В комнате, на постели ее нагое белое тело открывается и закрывается:

— Малыш, малыш…

Сперма брызжет на простыни, я трясу свой член над краем кровати.

— Не пачкай белье, мой щеночек…

На кухне она усаживает меня к себе на колени, пихает мне в рот куски жареного мяса; мои пальцы, выпачканные в соусе, касаются ее грудей, я глотаю мясо, раскрывая рот у ее глаз; под моими ягодицами я чувствую ее раскрытое влагалище, я двигаю бедрами, она стонет:

— Тебя ищут на берегу. Ты убил свою мать?

— Да, вместе с сестрой, я сбросил ее труп в пропасть.

— Зачем ты убил ее?

— Мой отец этого хотел. Она совокуплялась со всеми мужчинами на нашем побережье. Она спала в своей постели, все утро она занималась любовью с моряком. Я приготовил завтрак, взял нож, открыл дверь, моя мать лежала на мокрой простыне, раздвинув ноги, я повернул руками голову матери и пронзил ее шею ножом, кровь брызнула на мои ладони; моя сестра закричала, я вымазал кровью ее лицо; руки моего отца, вытягивавшего сеть на берегу, задрожали. Я убежал. Я хотел ебаться и воровать. Я бежал по рыбным садкам. Передо мной возник Гал, он убежал со свекловичных полей. «Возьми меня с собой. Они заставляют меня работать ночью, при свете фар».

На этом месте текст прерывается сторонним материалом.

Lemma bigO_add m n u v :
  bigO m u -> bigO n v -> bigO (Nat.min m n) (fun x p => u x p + v x p).
Proof.
  intros Hu Hv.
  destruct (bigO_weaken m (Nat.min m n) u ltac:(lia) Hu) as [K1 [HK1 Hu']].
  destruct (bigO_weaken n (Nat.min m n) v ltac:(lia) Hv) as [K2 [HK2 Hv']].
  exists (K1 + K2). split; [lra |]. intros x p Hx Hp Hxp.
  eapply Rle_trans; [apply Rabs_triang |].
  specialize (Hu' x p Hx Hp Hxp). specialize (Hv' x p Hx Hp Hxp). lra.
Qed.

Lemma bigO_opp n u : bigO n u -> bigO n (fun x p => - u x p).
Proof. intros [K [HK Hu]]. exists K. split; [exact HK |]. intros. rewrite Rabs_Ropp. auto. Qed.

Lemma bigO_sub m n u v :
  bigO m u -> bigO n v -> bigO (Nat.min m n) (fun x p => u x p - v x p).
Proof. intros Hu Hv. apply (bigO_add m n u (fun x p => - v x p) Hu), bigO_opp, Hv. Qed.

Lemma bigO_mul m n u v : bigO m u -> bigO n v -> bigO (m + n) (fun x p => u x p * v x p).
Proof.
  intros [K1 [HK1 Hu]] [K2 [HK2 Hv]]. exists (K1 * K2). split; [apply Rmult_le_pos; lra |].
  intros x p Hx Hp Hxp. rewrite Rabs_mult, pow_add.
  replace (K1 * K2 * (p ^ m * p ^ n)) with ((K1 * p ^ m) * (K2 * p ^ n)) by ring.
  apply Rmult_le_compat; auto; apply Rabs_pos.
Qed.

Lemma bigO_pow m k u : bigO m u -> bigO (k * m) (fun x p => u x p ^ k).
Proof.
  intros Hu. induction k as [|k IH].
  - apply (bigO_ext 0 (fun _ _ => 1)); [reflexivity | apply bigO_const].
  - apply (bigO_mul m (k * m) u (fun x p => u x p ^ k) Hu IH).
Qed.

Lemma bigO_div m u c : bigO m u -> bigO m (fun x p => u x p / c).
Proof.
  intros Hu. rewrite <- (Nat.add_0_r m).
  apply (bigO_mul m 0 u (fun _ _ => / c) Hu), bigO_const.
Qed.

End BigO.

(** * Gauss-Legendre rule and discrete Gronwall inequality *)

Lemma inv_sqrt3_facts : 0 < 1 / sqrt 3 < 1 /\ 1 / sqrt 3 * (1 / sqrt 3) = 1 / 3.
Proof.
  assert (H3 : sqrt 3 * sqrt 3 = 3) by (apply sqrt_sqrt; lra).
  assert (Hpos : 0 < sqrt 3) by (apply sqrt_lt_R0; lra).
  split; [split |].
  - apply Rdiv_lt_0_compat; lra.
  - apply Rmult_lt_reg_r with (sqrt 3); [exact Hpos |].
    unfold Rdiv. rewrite Rmult_assoc, Rinv_l by lra. nra.
  - replace (1 / sqrt 3 * (1 / sqrt 3)) with (1 / (sqrt 3 * sqrt 3)) by (field; lra).
    now rewrite H3.
Qed.

Lemma gl_nodes_ordered x h : 0 <= h ->
  x <= gl_node1 x h /\ gl_node1 x h <= gl_node2 x h /\ gl_node2 x h <= x + 3 * h.
Proof.
  intros Hh. destruct inv_sqrt3_facts as [[Hs0 Hs1] _].
  unfold gl_node1, gl_node2. repeat split; nra.
Qed.

Lemma gauss_legendre2_exact_cubic (c0 c1 c2 c3 H s : R) : s * s = 1 / 3 ->
  let P t := c0 + c1 * t + c2 * t ^ 2 + c3 * t ^ 3 in
  H / 2 * (P (H / 2 * (1 - s)) + P (H / 2 * (1 + s)))
    = c0 * H + c1 * H ^ 2 / 2 + c2 * H ^ 3 / 3 + c3 * H ^ 4 / 4.
Proof.
  intros Hs P. apply Rminus_diag_uniq. unfold P.
  transitivity ((s * s - 1 / 3) * (2 * c2 * (H / 2) ^ 3 + 6 * c3 * (H / 2) ^ 4)); [field |].
  rewrite Hs. ring.
Qed.

Lemma one_plus_pow_le_exp t N : 0 <= t -> (1 + t) ^ N <= exp (INR N * t).
Proof.
  intros Ht. induction N as [|N IH].
  - rewrite Rmult_0_l, exp_0. simpl. lra.
  - rewrite S_INR, Rmult_plus_distr_r, Rmult_1_l, exp_plus, Rmult_comm. simpl.
    apply Rmult_le_compat; [lra | apply pow_le; lra | apply exp_ineq1_le | exact IH].
Qed.

Lemma error_recursion_bound (e : nat -> R) (L c : R) (N : nat) :
  0 <= L -> 0 <= c -> e 0%nat = 0 ->
  (forall k, (k < N)%nat -> e (S k) <= (1 + L) * e k + c) ->
  e N <= INR N * (1 + L) ^ N * c.
Proof.
  intros HL Hc He0 Hstep. induction N as [|N IH].
  - rewrite He0. simpl. lra.
  - assert (HSN : 1 <= (1 + L) * (1 + L) ^ N) by (apply (pow_R1_Rle (1 + L) (S N)); lra).
    assert (HNc : 0 <= INR N * c) by (apply Rmult_le_pos; [apply pos_INR | exact Hc]).
    specialize (IH ltac:(intros k Hk; apply Hstep; lia)).
    eapply Rle_trans; [apply Hstep; lia |].
    rewrite S_INR. simpl pow.
    assert ((1 + L) * e N <= (1 + L) * (INR N * (1 + L) ^ N * c)) by (apply Rmult_le_compat_l; lra).
    assert (c <= (1 + L) * (1 + L) ^ N * c) by (rewrite <- (Rmult_1_l c) at 1; nra).
    nra.
Qed.
(* Assume that $(X_1,Y_1),\dots,(X_{n+1},Y_{n+1})$ are exchangeable, that the predictor $\hat f_D$ is invariant to permutations of the data in $D$, and that the non-conformity scores $S_{D^{Y_{n+1}}}(X_1,Y_1),\dots,S_{D^{Y_{n+1}}}(X_{n+1},Y_{n+1})$ are almost surely distinct. Assume further that there exists a constant $c>0$ such that the conditional density $p(\cdot\mid D,X_{n+1})$ of $Y_{n+1}$ on $\mathcal Y$ is bounded above by $c$. Then for every $\alpha\in(0,1)$, $$\mathbb P\big[Y_{n+1}\in\tilde C_\alpha(X_{n+1})\big]\le1-\alpha+\frac1{n+1}+c\,\mathbb E_{D,X_{n+1}}\big[\mathrm{THK}_\alpha(X_{n+1})\big].$$
   Context: Let $\mathcal X\subset\mathbb R^d$, $\mathcal Y\subset\mathbb R$, $D=\{(X_1,Y_1),\dots,(X_n,Y_n)\}$, and a further pair $(X_{n+1},Y_{n+1})$. For $y\in\mathcal Y$, $D^y=D\cup\{(X_{n+1},y)\}$, $\hat f_{D^y}$ a predictor trained on $D^y$, $s:\mathcal Y\times\mathcal Y\to\mathbb R_+$ a non-conformity function, $S_{D^y}(X_i,Y_i)=s(Y_i,\hat f_{D^y}(X_i))$ ($i\le n$), $S_{D^y}(X_{n+1},y)=s(y,\hat f_{D^y}(X_{n+1}))$, $\hat\pi_D(X_{n+1},y)=\frac{1+\sum_{i=1}^n\mathbb 1\{S_{D^y}(X_i,Y_i)\ge S_{D^y}(X_{n+1},y)\}}{n+1}$, $\hat C_\alpha(X_{n+1})=\{y:\hat\pi_D(X_{n+1},y)>\alpha\}$. For every $y$, let $\tilde S_{D^y}(X_i,Y_i)$, $\tilde S_{D^y}(X_{n+1},y)$ be approximate scores and $0\le\tau_i(y)<\infty$ with $|S_{D^y}(X_i,Y_i)-\tilde S_{D^y}(X_i,Y_i)|\le\tau_i(y)$ ($i\le n$) and $|S_{D^y}(X_{n+1},y)-\tilde S_{D^y}(X_{n+1},y)|\le\tau_{n+1}(y)$; $\tilde\pi_D(X_{n+1},y)=\frac{1+\sum_{i=1}^n\mathbb 1\{\tilde S_{D^y}(X_i,Y_i)+\tau_i(y)\ge\tilde S_{D^y}(X_{n+1},y)-\tau_{n+1}(y)\}}{n+1}$, $\tilde C_\alpha(X_{n+1})=\{y:\tilde\pi_D(X_{n+1},y)>\alpha\}$, and $\mathrm{THK}_\alpha(X_{n+1})=\mathcal L(\tilde C_\alpha(X_{n+1})\,\Delta\,\hat C_\alpha(X_{n+1}))$ ($\mathcal L$ Lebesgue measure, $\Delta$ symmetric difference). *)

From HB Require Import structures.
From mathcomp Require Import all_boot all_order all_algebra all_classical all_reals all_analysis.
From mathcomp Require Import perm.
(* Let $q=p^h$ with $p$ prime and $h\geq 1$, let $n\ge 2$ and let $k$ be an integer with $n/2\leq k\leq n-1$. Then \[\mathrm{C}_k(n,q)\setminus \mathrm{C}_{n-k}(n,q)^\perp=\mathrm{C}_k(n,q)\setminus \mathrm{C}_k(n,q)^\perp.\]
   Context: $\mathrm{PG}(n,q)$ is the $n$-dimensional projective space over $\mathbb{F}_q$, $q=p^h$; $\theta_n=(q^{n+1}-1)/(q-1)$. For $1\le j\le n-1$, $\mathrm{C}_j(n,q)$ is the $p$-ary linear code (a subspace of $\mathbb{F}_p^{\theta_n}$, coordinates indexed by the points of $\mathrm{PG}(n,q)$) spanned over $\mathbb{F}_p$ by the incidence vectors of the $j$-dimensional subspaces of $\mathrm{PG}(n,q)$, and $\mathrm{C}_j(n,q)^\perp$ is its dual with respect to the standard scalar product over $\mathbb{F}_p$. *)

From HB Require Import structures.
From mathcomp Require Import all_boot all_order all_algebra.
Set Implicit Arguments. Unset Strict Implicit. Unset Printing Implicit Defensive.
Import GRing.Theory.
Local Open Scope ring_scope.

(* Points of PG(n,F): 1-dimensional subspaces of F^(n+1), represented
   canonically by their (unique) generating matrix <<v>>%MS of rank 1. *)
Definition PGpoint (F : finFieldType) (n : nat) : predArgType :=
  {A : 'M[F]_(n.+1) | (\rank A == 1%N) && (<<A>>%MS == A)}.

Notation pword p F n := {ffun PGpoint F n -> 'F_p}.

(* incidence vector of the projective j-subspace spanned by the rows of
   A : 'M_(j+1, n+1) (a j-dimensional subspace when \rank A = j+1) *)
Definition incvec (p : nat) (F : finFieldType) (n j : nat)
  (A : 'M[F]_(j.+1, n.+1)) : pword p F n :=
  [ffun P : PGpoint F n => ((val P <= A)%MS)%:R].

Definition inCode (p : nat) (F : finFieldType) (n j : nat) (c : pword p F n) : Prop :=
  exists lam : {ffun 'M[F]_(j.+1, n.+1) -> 'F_p},
    forall P : PGpoint F n,
      c P = \sum_(A : 'M[F]_(j.+1, n.+1) | \rank A == j.+1) lam A * incvec p A P.

Definition pdot (p : nat) (F : finFieldType) (n : nat) (c d : pword p F n) : 'F_p :=
  \sum_(P : PGpoint F n) c P * d P.

Definition inDual (p : nat) (F : finFieldType) (n j : nat) (c : pword p F n) : Prop :=
  forall d : pword p F n, inCode j d -> pdot c d = 0.

From HB Require Import structures.
From mathcomp Require Import all_boot all_order all_algebra zify.
Set Implicit Arguments. Unset Strict Implicit. Unset Printing Implicit Defensive.
Import GRing.Theory.
Local Open Scope ring_scope.

(* A subspace S of F^(n+1) of rank r >= 1 contains (q^r - 1)/(q - 1) projective
   points, a number congruent to 1 modulo p since p divides q.  If dim A = k+1,
   dim B = j+1 and k + j >= n, then A and B meet in a nonzero subspace, so the
   scalar product of their incidence vectors is the number of points of A :&: B,
   i.e. 1 in F_p.  By bilinearity, for c = sum_A lam_A v_A in C_k and
   d = sum_B mu_B v_B in C_j we get  c . d = (sum lam) * (sum mu).  Testing
   against a single incidence vector shows that c lies in C_j^perp exactly when
   its total coefficient sum lam vanishes, a condition independent of j.  Both
   j = n - k and j = k satisfy k + j >= n when n/2 <= k <= n - 1, whence the
   theorem. *)

Lemma card_set_indicator (T : finType) (b : pred T) :
  #|[set x | b x]| = (\sum_x (b x : nat))%N.
Proof.
by rewrite -sum1_card big_mkcond; apply: eq_bigr => x _; rewrite inE; case: (b x).
Qed.

Section CountingInSubspaces.

Variables (F : finFieldType) (n : nat).

Lemma card_rows_in_subspace m (S : 'M[F]_(m, n)) :
  #|[set v : 'rV[F]_n | (v <= S)%MS]| = (#|F| ^ \rank S)%N.
Proof.
have inj := row_free_inj (m:=1) (row_base_free S).
rewrite -[[set v | _]](_ : [set w *m row_base S | w in [set: 'rV[F]_(\rank S)]] = _).
  by rewrite card_imset // cardsT card_mx mul1n.
apply/setP=> v; rewrite inE; apply/imsetP/idP.
- by case=> w _ ->; rewrite -(eq_row_base S); exact: submxMl.
- by rewrite -(eq_row_base S) => /submxP [w ->]; exists w.
Qed.

Lemma card_nonzero_rows_in_subspace m (S : 'M[F]_(m, n)) :
  #|[set v : 'rV[F]_n | (v <= S)%MS && (v != 0)]| = (#|F| ^ \rank S).-1.
Proof.
rewrite -card_rows_in_subspace (cardsD1 0 [set v : 'rV[F]_n | (v <= S)%MS]).
rewrite inE sub0mx /=; apply: eq_card => v.
by rewrite !inE andbC.
Qed.

End CountingInSubspaces.

Section ProjectivePoints.

Variables (F : finFieldType) (n : nat).

Lemma point_contains_vector (P : PGpoint F n) (v : 'rV[F]_n.+1) :
  v != 0 -> (v <= val P)%MS = (<<v>>%MS == val P).
Proof.
case: P => A /= /andP[/eqP rA /eqP gA] nz; apply/idP/idP.
- move=> vA; apply/eqP; rewrite -gA; apply/genmxP.
  by rewrite -(mxrank_leqif_eq vA) rA rank_rV nz.
- by move/eqP=> <-; rewrite genmxE submx_refl.
Qed.

Definition point_of (v : 'rV[F]_n.+1) (nz : v != 0) : PGpoint F n.
Proof.
exists <<v>>%MS; by rewrite genmx_id eqxx andbT genmxE rank_rV nz.
Defined.

Lemma unique_point_of_vector (v : 'rV[F]_n.+1) : v != 0 ->
  (\sum_(P : PGpoint F n) ((v <= val P)%MS : nat))%N = 1%N.
Proof.
move=> nz; rewrite (bigD1 (point_of nz)) //= genmxE submx_refl big1 // => P nP.
rewrite point_contains_vector //.
by case: eqP => // e; case/eqP: nP; apply: val_inj; rewrite /= -e.
Qed.

(* Double counting of nonzero vectors of S along the points they span:
   (q - 1) * #(points of S) = q^(rank S) - 1. *)
Lemma count_points_in_subspace m (S : 'M[F]_(m, n.+1)) :
  ((#|F|).-1 * #|[set P : PGpoint F n | (val P <= S)%MS]|)%N =
  (#|F| ^ \rank S).-1.
Proof.
have point_size (P : PGpoint F n) :
    #|[set v : 'rV[F]_n.+1 | (v <= val P)%MS && (v != 0)]| = #|F|.-1.
  by rewrite card_nonzero_rows_in_subspace; case: P => A /andP[/eqP -> _].
rewrite -card_nonzero_rows_in_subspace mulnC -sum_nat_const.
rewrite -(eq_bigr _ (fun P _ => point_size P)) card_set_indicator.
under eq_bigr => P _ do rewrite card_set_indicator.
rewrite exchange_big /=; apply: eq_bigr => v _.
have [->|nz] := eqVneq v 0; first by rewrite andbF big1 // => P _; rewrite andbF.
have through_v (P : PGpoint F n) :
    ((v <= val P) && (val P <= S))%MS = (v <= val P)%MS && (v <= S)%MS.
  apply/andP/andP=> -[vP sub]; split=> //; first exact: submx_trans sub.
  by move: vP; rewrite point_contains_vector // => /eqP <-; rewrite genmxE.
transitivity (\sum_(P : PGpoint F n) (((v <= val P) && (v <= S))%MS : nat)).
  rewrite big_mkcond; apply: eq_bigr => P _; rewrite inE andbT -through_v andbC.
  by case: (val P <= S)%MS.
rewrite andbT; case: (v <= S)%MS; last by rewrite big1 // => P _; rewrite andbF.
rewrite -[RHS](unique_point_of_vector nz); apply: eq_bigr => P _; by rewrite andbT.
Qed.

End ProjectivePoints.

Section ScalarProducts.

(* We only use that q = #|F| vanishes in the coefficient ring F_p. *)
Variables (p : nat) (F : finFieldType) (n : nat).
Hypothesis q_eq0 : (#|F|%:R : 'F_p) = 0.

Lemma card_points_in_subspace_Fp m (S : 'M[F]_(m, n.+1)) : (0 < \rank S)%N ->
  (#|[set P : PGpoint F n | (val P <= S)%MS]|%:R : 'F_p) = 1.
Proof.
move=> rS; have E := count_points_in_subspace S.
set N := #|_| in E *.
have q_gt0 : (0 < #|F|)%N by apply/card_gt0P; exists 0.
have qm1 : ((#|F|).-1%:R : 'F_p) = -1.
  by apply: (addIr 1); rewrite addNr -mulrSr prednK.
have : ((((#|F|).-1 * N).+1)%:R : 'F_p) = 0.
  by rewrite E prednK ?expn_gt0 ?q_gt0 // natrX q_eq0 expr0n eqn0Ngt rS.
by rewrite mulrSr natrM qm1 mulN1r addrC => /eqP; rewrite subr_eq0 => /eqP <-.
Qed.

(* Incidence vectors of a k-space and a j-space with k + j >= n have scalar
   product 1: the two subspaces meet, by Grassmann's formula. *)
Lemma pdot_incvec k j (A : 'M[F]_(k.+1, n.+1)) (B : 'M[F]_(j.+1, n.+1)) :
  \rank A = k.+1 -> \rank B = j.+1 -> (n <= k + j)%N ->
  pdot (incvec p A) (incvec p B) = 1.
Proof.
move=> rA rB hkj; rewrite -(card_points_in_subspace_Fp (S := (A :&: B)%MS)).
  rewrite card_set_indicator natr_sum; apply: eq_bigr => P _.
  by rewrite !ffunE -natrM mulnb sub_capmx.
have := mxrank_sum_cap A B; have := rank_leq_col (A + B)%MS.
rewrite rA rB; lia.
Qed.

Definition comb j (lam : 'M[F]_(j.+1, n.+1) -> 'F_p) (P : PGpoint F n) : 'F_p :=
  \sum_(A : 'M[F]_(j.+1, n.+1) | \rank A == j.+1) lam A * incvec p A P.

Definition total_coef j (lam : 'M[F]_(j.+1, n.+1) -> 'F_p) : 'F_p :=
  \sum_(A : 'M[F]_(j.+1, n.+1) | \rank A == j.+1) lam A.

Lemma pdot_comb k j (c d : pword p F n)
  (lam : 'M[F]_(k.+1, n.+1) -> 'F_p) (mu : 'M[F]_(j.+1, n.+1) -> 'F_p) :
  (n <= k + j)%N -> (forall P, c P = comb lam P) -> (forall P, d P = comb mu P) ->
  pdot c d = total_coef lam * total_coef mu.
Proof.
move=> hkj hc hd; rewrite /pdot.
under eq_bigr => P _ do rewrite hc hd /comb mulr_suml.
rewrite exchange_big /= mulr_suml; apply: eq_bigr => A /eqP rA.
under eq_bigr => P _ do rewrite mulr_sumr.
rewrite exchange_big /= mulr_sumr; apply: eq_bigr => B /eqP rB.
rewrite -[RHS]mulr1 -(pdot_incvec rA rB hkj) /pdot mulr_sumr.
by apply: eq_bigr => P _; rewrite mulrACA.
Qed.

Lemma incvec_in_code j (B : 'M[F]_(j.+1, n.+1)) : \rank B = j.+1 ->
  exists2 mu : {ffun 'M[F]_(j.+1, n.+1) -> 'F_p},
    forall P, incvec p B P = comb mu P & total_coef mu = 1.
Proof.
move=> rB; exists [ffun A => ((A == B) : nat)%:R] => [P|].
  rewrite /comb (bigD1 B) ?rB //= !ffunE eqxx mul1r big1 ?addr0 //.
  by move=> A /andP[_ nAB]; rewrite ffunE (negbTE nAB) mul0r.
rewrite /total_coef (bigD1 B) ?rB //= ffunE eqxx big1 ?addr0 //.
by move=> A /andP[_ nAB]; rewrite ffunE (negbTE nAB).
Qed.

Lemma inDual_comb k j (c : pword p F n) (lam : 'M[F]_(k.+1, n.+1) -> 'F_p) :
  (j <= n)%N -> (n <= k + j)%N -> (forall P, c P = comb lam P) ->
  inDual j c <-> total_coef lam = 0.
Proof.
move=> hj hkj hc; split=> [c_dual | lam0 d [mu hd]]; last first.
  by rewrite (pdot_comb hkj hc hd) lam0 mul0r.
have rB : \rank (pid_mx j.+1 : 'M[F]_(j.+1, n.+1)) = j.+1.
  by rewrite rank_pid_mx.
have [mu hd mu1] := incvec_in_code rB.
have := c_dual _ (ex_intro _ mu hd).
by rewrite (pdot_comb hkj hc hd) mu1 mulr1.
Qed.

End ScalarProducts.

Lemma card_eq0_Fp (p h : nat) (F : finFieldType) :
  prime p -> (0 < h)%N -> #|F| = (p ^ h)%N -> (#|F|%:R : 'F_p) = 0.
Proof.
by move=> pp hh ->; rewrite natrX pchar_Fp_0 // expr0n eqn0Ngt hh.
Qed.

Theorem mainTheorem6 (p h : nat) (F : finFieldType) (n k : nat)
  (hp : prime p) (hh : (0 < h)%N) (hq : #|F| = (p ^ h)%N)
  (hn : (2 <= n)%N) (hk1 : (n <= k.*2)%N) (hk2 : (k <= n - 1)%N) :
  forall c : pword p F n,
    (inCode k c /\ ~ inDual (n - k) c) <-> (inCode k c /\ ~ inDual k c).
Proof.
move=> c; have q_eq0 := card_eq0_Fp hp hh hq.
have same_dual (lam : 'M[F]_(k.+1, n.+1) -> 'F_p) : (forall P, c P = comb lam P) ->
    inDual (n - k) c <-> inDual k c.
  move=> hc; rewrite (inDual_comb q_eq0 (j := n - k) _ _ hc); try lia.
  by rewrite (inDual_comb q_eq0 (j := k) _ _ hc); try lia.
split=> -[[lam hc] nd]; (split; first by exists lam).
- by rewrite -(same_dual lam hc).
- by rewrite (same_dual lam hc).
Qed.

Его джинсы пропитаны соком свеклы, майка забрызгана навозной жижей. До ночи мы прячемся в садках, едим ежевику. Гал плачет, я бью его кулаком. Ночью мы выходим на пляж, я закапываю Гала в сухой горячий песок, он засыпает, держась за мою руку.

…Чайки уплывают, скользя по гребням волн, возвращаются с рассветом, я не сплю, я тру окровавленные ладони о песок.

Шлюха берет меня за руку, мы идем по утесу: «Ты знаешь, я пролез там, где разбито стекло».

На пляже она возвращает мне деньги и уходит, она гладит меня по голове и уходит. Я залезаю на камень, Гал писает, сидя на корточках над лужей, я даю ему кусок жареного мяса:

— Я выебал блядь.

Я устал, я ложусь на песок, залитый солнцем; Гал подползает на четвереньках, садится рядом, дрожит, плачет, жует мясо, выплевывает его:

— У меня остались деньги.

Слезы Гала капают на песок. Я вскакиваю на ноги, хватаю его за пояс, подминаю под себя, бью его по лицу, прижимаю коленом его бедро, он закрывает лицо руками:

— Виннету, ты убил свою мать, ты убил ее, я видел ее в пропасти.

Я бью его, поднимаю камень, швыряю ему в лицо, течет кровь, я блюю на песок, на лицо Гала, он сбивает меня с ног, топчет мою грудь босой ступней.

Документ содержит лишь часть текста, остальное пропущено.